# Epson 8350 / Onkyo HTS5400 - No Sound



## rdl80 (Jan 26, 2012)

Hello,

This seems like a great forum! I've been reading for a while, but never posted until now.

I have an Epson 8350 projector and Onkyo HTS5400 7.1 surround sound system. 

I used the Audyssey device and all of the speakers seem to work during the test.

I have a Comcast HD cable box hooked up with the HDMI cord and "cable in" plugged in. I get a picture on the screen, but no sound.

I'm not the most technical, but do have the red, green, blue wires in the back of the projector plugged in. I'm not exactly sure where to plug them into the receiver however. 

Any help would be appreciated. 

Thank you,

Rick


----------



## Anthony (Oct 5, 2006)

Hi there,
We need a bit more information as to how everything is hooked up.

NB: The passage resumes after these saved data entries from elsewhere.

(* Let $G=(V,E)$ be a graph and $w\in\mathbb{R}^E$ with $w(E)=\sum_{e\in E}w_e\ge 0$ and $\mathrm{mc}(G,w)>0$. Then $\mathrm{sdp}_{GW}(G,w)\le \kappa(G)\cdot \mathrm{mc}(G,w)$.
   Context: Let $V=[n]$. For $w\in\mathbb{R}^E$, $\mathrm{mc}(G,w)=\max_{x\in\{\pm1\}^n}\frac12\sum_{ij\in E}w_{ij}(1-x_ix_j)$ (max-cut), and $\mathrm{sdp}_{GW}(G,w)=\max_{X\in\mathcal{E}_n}\frac14\langle L_{G,w},X\rangle$, where $\mathcal{E}_n=\{X\succeq 0: X_{ii}=1\}$ and $L_{G,w}$ is the Laplacian matrix with $(i,i)$ entry $\sum_{j:ij\in E}w_{ij}$, $(i,j)$ entry $-w_{ij}$ if $ij\in E$ and $0$ otherwise. With $\mathrm{ip}(G,w)=\max_{x\in\{\pm1\}^n}\sum_{ij\in E}w_{ij}x_ix_j$ and $\mathrm{sdp}(G,w)=\max\sum_{ij\in E}w_{ij}u_i^Tu_j$ over unit vectors $u_i\in\mathbb{R}^n$, the Grothendieck constant is $\kappa(G)=\sup_{w\in\mathbb{R}^E}\mathrm{sdp}(G,w)/\mathrm{ip}(G,w)$. *)

From HB Require Import structures.
From mathcomp Require Import all_boot all_order all_algebra.
From mathcomp Require Import all_classical all_reals.
From mathcomp Require Import ereal.
Set Implicit Arguments. Unset Strict Implicit. Unset Printing Implicit Defensive.
Import Order.TTheory GRing.Theory Num.Theory.
Local Open Scope ring_scope.
Local Open Scope classical_set_scope.

Section Defs.
Context {R : realType} {n : nat}.

(* A simple graph on V = 'I_n (= [n]) given by its adjacency relation E;
   an edge ij is represented by the pair (i, j) with i < j.
   A weight vector w in R^E is a function w : 'I_n -> 'I_n -> R of which
   only the values w i j with i < j and E i j are ever used. *)
Definition simple_graph (E : rel 'I_n) : Prop :=
  symmetric E /\ irreflexive E.

Definition edge_sum (E : rel 'I_n) (f : 'I_n -> 'I_n -> R) : R :=
  \sum_(i < n) \sum_(j < n | (i < j)%N && E i j) f i j.

Definition wtotal (E : rel 'I_n) (w : 'I_n -> 'I_n -> R) : R :=
  edge_sum E w.

Definition pm1 : set ('I_n -> R) := [set x | forall i, x i = 1 \/ x i = -1].

Definition mc (E : rel 'I_n) (w : 'I_n -> 'I_n -> R) : R :=
  sup [set edge_sum E (fun i j => w i j * (1 - x i * x j)) / 2 | x in pm1].

Definition ip (E : rel 'I_n) (w : 'I_n -> 'I_n -> R) : R :=
  sup [set edge_sum E (fun i j => w i j * (x i * x j)) | x in pm1].

Definition unit_rows (U : 'M[R]_n) : Prop :=
  forall i, \sum_(k < n) U i k ^+ 2 = 1.

Definition sdp (E : rel 'I_n) (w : 'I_n -> 'I_n -> R) : R :=
  sup [set edge_sum E (fun i j => w i j * \sum_(k < n) U i k * U j k)
      | U in unit_rows].

Definition wsym (w : 'I_n -> 'I_n -> R) (i j : 'I_n) : R :=
  if (i < j)%N then w i j else w j i.

Definition laplacian (E : rel 'I_n) (w : 'I_n -> 'I_n -> R) : 'M[R]_n :=
  \matrix_(i < n, j < n)
    if i == j then \sum_(k < n | E i k) wsym w i k
    else if E i j then - wsym w i j else 0.

Definition psd (X : 'M[R]_n) : Prop :=
  X^T = X /\ forall v : 'cV[R]_n, 0 <= (v^T *m X *m v) ord0 ord0.

Definition elliptope : set 'M[R]_n :=
  [set X | psd X /\ forall i, X i i = 1].

Definition frob (A B : 'M[R]_n) : R := \sum_(i < n) \sum_(j < n) A i j * B i j.

Definition sdpGW (E : rel 'I_n) (w : 'I_n -> 'I_n -> R) : R :=
  sup [set frob (laplacian E w) X / 4 | X in elliptope].

(* Grothendieck constant kappa(G) in the extended reals; the ratio is taken
   over the weights with ip(G,w) > 0 (ip(G,w) = 0 only for w = 0 on E). *)
Definition kappa (E : rel 'I_n) : \bar R :=
  ereal_sup [set ((sdp E w) / (ip E w))%:E
            | w in [set w : 'I_n -> 'I_n -> R | 0 < ip E w]].

End Defs.

From HB Require Import structures.
From mathcomp Require Import all_boot all_order all_algebra.
From mathcomp Require Import all_classical all_reals.
From mathcomp Require Import ereal.
From mathcomp Require Import ring lra.
Set Implicit Arguments.
Unset Strict Implicit.
Unset Printing Implicit Defensive.
Import Order.TTheory GRing.Theory Num.Theory.
Local Open Scope ring_scope.

(* Put v := -w.  A cut x has value (w(E) + sum_ij v_ij x_i x_j) / 2, so
   mc(G,w) = (w(E) + ip(G,v)) / 2; every X in the elliptope is the Gram matrix
   of unit vectors, so likewise sdp_GW(G,w) <= (w(E) + sdp(G,v)) / 2.  When
   kappa(G) = k is finite, sdp(G,v) <= k ip(G,v): for ip(G,v) = 0 this holds
   because the edge form is multiaffine, so each column of a Gram
   factorization contributes at most ip(G,v).  Finally k >= 1 and w(E) >= 0
   give (w(E) + k ip(G,v)) / 2 <= k (w(E) + ip(G,v)) / 2 = k mc(G,w). *)

Section GramFactorization.
Context {R : realType} {n : nat}.
Notation I := 'I_n.

Definition bilin (A : I -> I -> R) (u v : I -> R) : R :=
  \sum_i \sum_j u i * A i j * v j.

Definition psd_fun (A : I -> I -> R) : Prop :=
  (forall i j, A i j = A j i) /\ forall v, 0 <= bilin A v v.

Definition kdelta (k i : I) : R := (i == k)%:R.

Lemma bilinDl A u u' v :
  bilin A (fun i => u i + u' i) v = bilin A u v + bilin A u' v.
Proof.
rewrite /bilin -big_split; apply: eq_bigr => i _; rewrite -big_split.
by apply: eq_bigr => j _; rewrite !mulrDl.
Qed.

Lemma bilinDr A u v v' :
  bilin A u (fun i => v i + v' i) = bilin A u v + bilin A u v'.
Proof.
rewrite /bilin -big_split; apply: eq_bigr => i _; rewrite -big_split.
by apply: eq_bigr => j _; rewrite !mulrDr.
Qed.

Lemma bilinZl A c u v : bilin A (fun i => c * u i) v = c * bilin A u v.
Proof.
rewrite /bilin mulr_sumr; apply: eq_bigr => i _; rewrite mulr_sumr.
by apply: eq_bigr => j _; rewrite !mulrA.
Qed.

Lemma bilinZr A c u v : bilin A u (fun i => c * v i) = c * bilin A u v.
Proof.
rewrite /bilin mulr_sumr; apply: eq_bigr => i _; rewrite mulr_sumr.
by apply: eq_bigr => j _; rewrite mulrCA.
Qed.

Lemma sum_kdeltal k (F : I -> R) : \sum_i kdelta k i * F i = F k.
Proof.
rewrite (bigD1 k) //= /kdelta eqxx mul1r big1 ?addr0 // => i /negbTE ->.
by rewrite mul0r.
Qed.

Lemma sum_kdeltar k (F : I -> R) : \sum_i F i * kdelta k i = F k.
Proof.
by rewrite -[RHS](sum_kdeltal k); apply: eq_bigr => i _; rewrite mulrC.
Qed.

Lemma bilin_kdeltal A k v : bilin A (kdelta k) v = \sum_j A k j * v j.
Proof.
rewrite /bilin -(sum_kdeltal k (fun i => \sum_j A i j * v j)).
by apply: eq_bigr => i _; rewrite mulr_sumr; apply: eq_bigr => j _; rewrite mulrA.
Qed.

Lemma bilin_kdeltar A k u : bilin A u (kdelta k) = \sum_i u i * A i k.
Proof.
by apply: eq_bigr => i _; rewrite -(sum_kdeltar k (fun j => u i * A i j)).
Qed.

Lemma bilin_kdelta A k l : bilin A (kdelta k) (kdelta l) = A k l.
Proof. by rewrite bilin_kdeltal sum_kdeltar. Qed.

Lemma psd_fun_diag_ge0 A k : psd_fun A -> 0 <= A k k.
Proof. by case=> _ /(_ (kdelta k)); rewrite bilin_kdelta. Qed.

(* Testing on t e_k + e_j with t := -(1 + B j j) / (2 B k j) gives the value -1. *)
Lemma psd_fun_diag0_row B k j : psd_fun B -> B k k = 0 -> B k j = 0.
Proof.
move=> [Bsym Bpos] Bkk; apply/eqP; apply: contraT => Bkj.
set t := - (1 + B j j) / (2 * B k j).
have := Bpos (fun i => t * kdelta k i + kdelta j i).
rewrite bilinDl !bilinDr !bilinZl !bilinZr !bilin_kdelta Bkk (Bsym j k).
have -> : t * (t * 0) + t * B k j + (t * B k j + B j j) = - 1.
  by rewrite /t; field.
by rewrite oppr_ge0 ler10.
Qed.

Lemma psd_fun_schur B k : psd_fun B -> 0 < B k k ->
  psd_fun (fun i j => B i j - B i k * B k j / B k k).
Proof.
move=> [Bsym Bpos] Bkk; split.
  by move=> i j; rewrite (Bsym i j) (Bsym k j) (Bsym i k) [B k i * _]mulrC.
move=> v; set p := B k k; set s := \sum_j B k j * v j.
have schur_form : bilin (fun i j => B i j - B i k * B k j / p) v v =
    bilin B v v - s * s / p.
  have -> : s * s / p = \sum_i \sum_j v i * (B i k * B k j / p) * v j.
    rewrite -mulrA {1}/s mulr_suml; apply: eq_bigr => i _.
    rewrite /s mulr_suml mulr_sumr; apply: eq_bigr => j _.
    by rewrite (Bsym k i); ring.
  rewrite /bilin -sumrB; apply: eq_bigr => i _.
  by rewrite -sumrB; apply: eq_bigr => j _; ring.
rewrite schur_form.
have := Bpos (fun i => v i + (- s / p) * kdelta k i).
rewrite bilinDl !bilinDr !bilinZl !bilinZr bilin_kdelta bilin_kdeltal bilin_kdeltar.
have -> : \sum_i v i * B i k = s by apply: eq_bigr => i _; rewrite Bsym mulrC.
suff -> : bilin B v v + - s / p * s + (- s / p * s + - s / p * (- s / p * p))
    = bilin B v v - s * s / p by [].
by rewrite /p; field; exact: lt0r_neq0.
Qed.

(* Cholesky factorization by symmetric Gaussian elimination: after m pivots,
   A = U U^T + B with B psd, zero on its first m rows, and U zero on its last
   n - m columns. *)
Definition partial_gram (A : I -> I -> R) m (U B : I -> I -> R) : Prop :=
  [/\ psd_fun B,
      forall i j, A i j = \sum_l U i l * U j l + B i j,
      forall i j : I, (i < m)%N -> B i j = 0 &
      forall i l : I, (m <= l)%N -> U i l = 0].

Lemma partial_gram0 A : psd_fun A -> partial_gram A 0 (fun _ _ => 0) A.
Proof.
by split=> // i j; rewrite big1 ?add0r // => l _; rewrite mul0r.
Qed.

Lemma partial_gram_step A m U B : (m < n)%N -> partial_gram A m U B ->
  exists U' B', partial_gram A m.+1 U' B'.
Proof.
move=> ltmn [pB eA zB zU]; pose k : I := Ordinal ltmn.
have row_k (i : I) : (i < m.+1)%N -> (i < m)%N \/ i = k.
  rewrite ltnS leq_eqVlt => /orP [/eqP ik|]; [right; exact: val_inj | by left].
have [Bkk|Bkk] := eqVneq (B k k) 0.
  exists U, B; split=> // [i j /row_k [/zB //|->]|i l ml].
    exact: psd_fun_diag0_row.
  exact/zU/ltnW.
have Bkk_gt0 : 0 < B k k by rewrite lt_def Bkk psd_fun_diag_ge0.
set r := Num.sqrt (B k k).
have r_sq : r * r = B k k by rewrite -expr2 sqr_sqrtr ?ltW.
have r_neq0 : r != 0 by rewrite sqrtr_eq0 -ltNge.
exists (fun i l => if l == k then B i k / r else U i l).
exists (fun i j => B i j - B i k * B k j / B k k); split.
- exact: psd_fun_schur.
- move=> i j; rewrite eA (bigD1 k) //= [in RHS](bigD1 k) //= eqxx zU // mul0r add0r.
  under [in RHS]eq_bigr => l /negbTE -> do [].
  rewrite (pB.1 j k) -r_sq; field; exact: r_neq0.
- move=> i j /row_k [im|->]; last by field; exact: lt0r_neq0.
  by rewrite (zB i j im) (zB i k im) !mul0r subr0.
- move=> i l ml; have /negbTE -> : l != k.
    by apply: contraTneq ml => ->; rewrite /= ltnn.
  exact/zU/ltnW.
Qed.

Lemma psd_fun_gram A : psd_fun A ->
  exists U : I -> I -> R, forall i j, A i j = \sum_l U i l * U j l.
Proof.
move=> pA; have gram m : (m <= n)%N -> exists U B, partial_gram A m U B.
  elim: m => [_|m IH lemn]; first by exists (fun _ _ => 0), A; exact: partial_gram0.
  have [U [B gUB]] := IH (ltnW lemn).
  exact: partial_gram_step gUB.
have [U [B [_ eA zB _]]] := gram n (leqnn n).
by exists U => i j; rewrite eA zB ?addr0.
Qed.

End GramFactorization.

Section EdgeSum.
Context {R : realType} {n : nat} (E : rel 'I_n).
Notation I := 'I_n.

Lemma eq_edge_sum (f g : I -> I -> R) :
  (forall i j : I, (i < j)%N -> E i j -> f i j = g i j) ->
  edge_sum E f = edge_sum E g.
Proof.
by move=> fg; apply: eq_bigr => i _; apply: eq_bigr => j /andP[]; exact: fg.
Qed.

Lemma edge_sumD (f g : I -> I -> R) :
  edge_sum E (fun i j => f i j + g i j) = edge_sum E f + edge_sum E g.
Proof. by rewrite /edge_sum -big_split; apply: eq_bigr => i _; exact: big_split. Qed.

Lemma edge_sumZ c (f : I -> I -> R) :
  edge_sum E (fun i j => c * f i j) = c * edge_sum E f.
Proof. by rewrite /edge_sum mulr_sumr; apply: eq_bigr => i _; rewrite mulr_sumr. Qed.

You say the cable box is hooked up with HDMI. Is that to the projector only or does it go to the Onkyo box first and then another HDMI to the projector?

This should help with the troubleshooting a bit. 

Welcome to the Shack!


----------



## rdl80 (Jan 26, 2012)

Thanks for the reply!

I figured it out last night. I was trying to use video cables (oops), which obviously didn't work. Got some optical out cables and it worked great!

The basement is coming along well.... just need to build the wet bar now!

-Rick


----------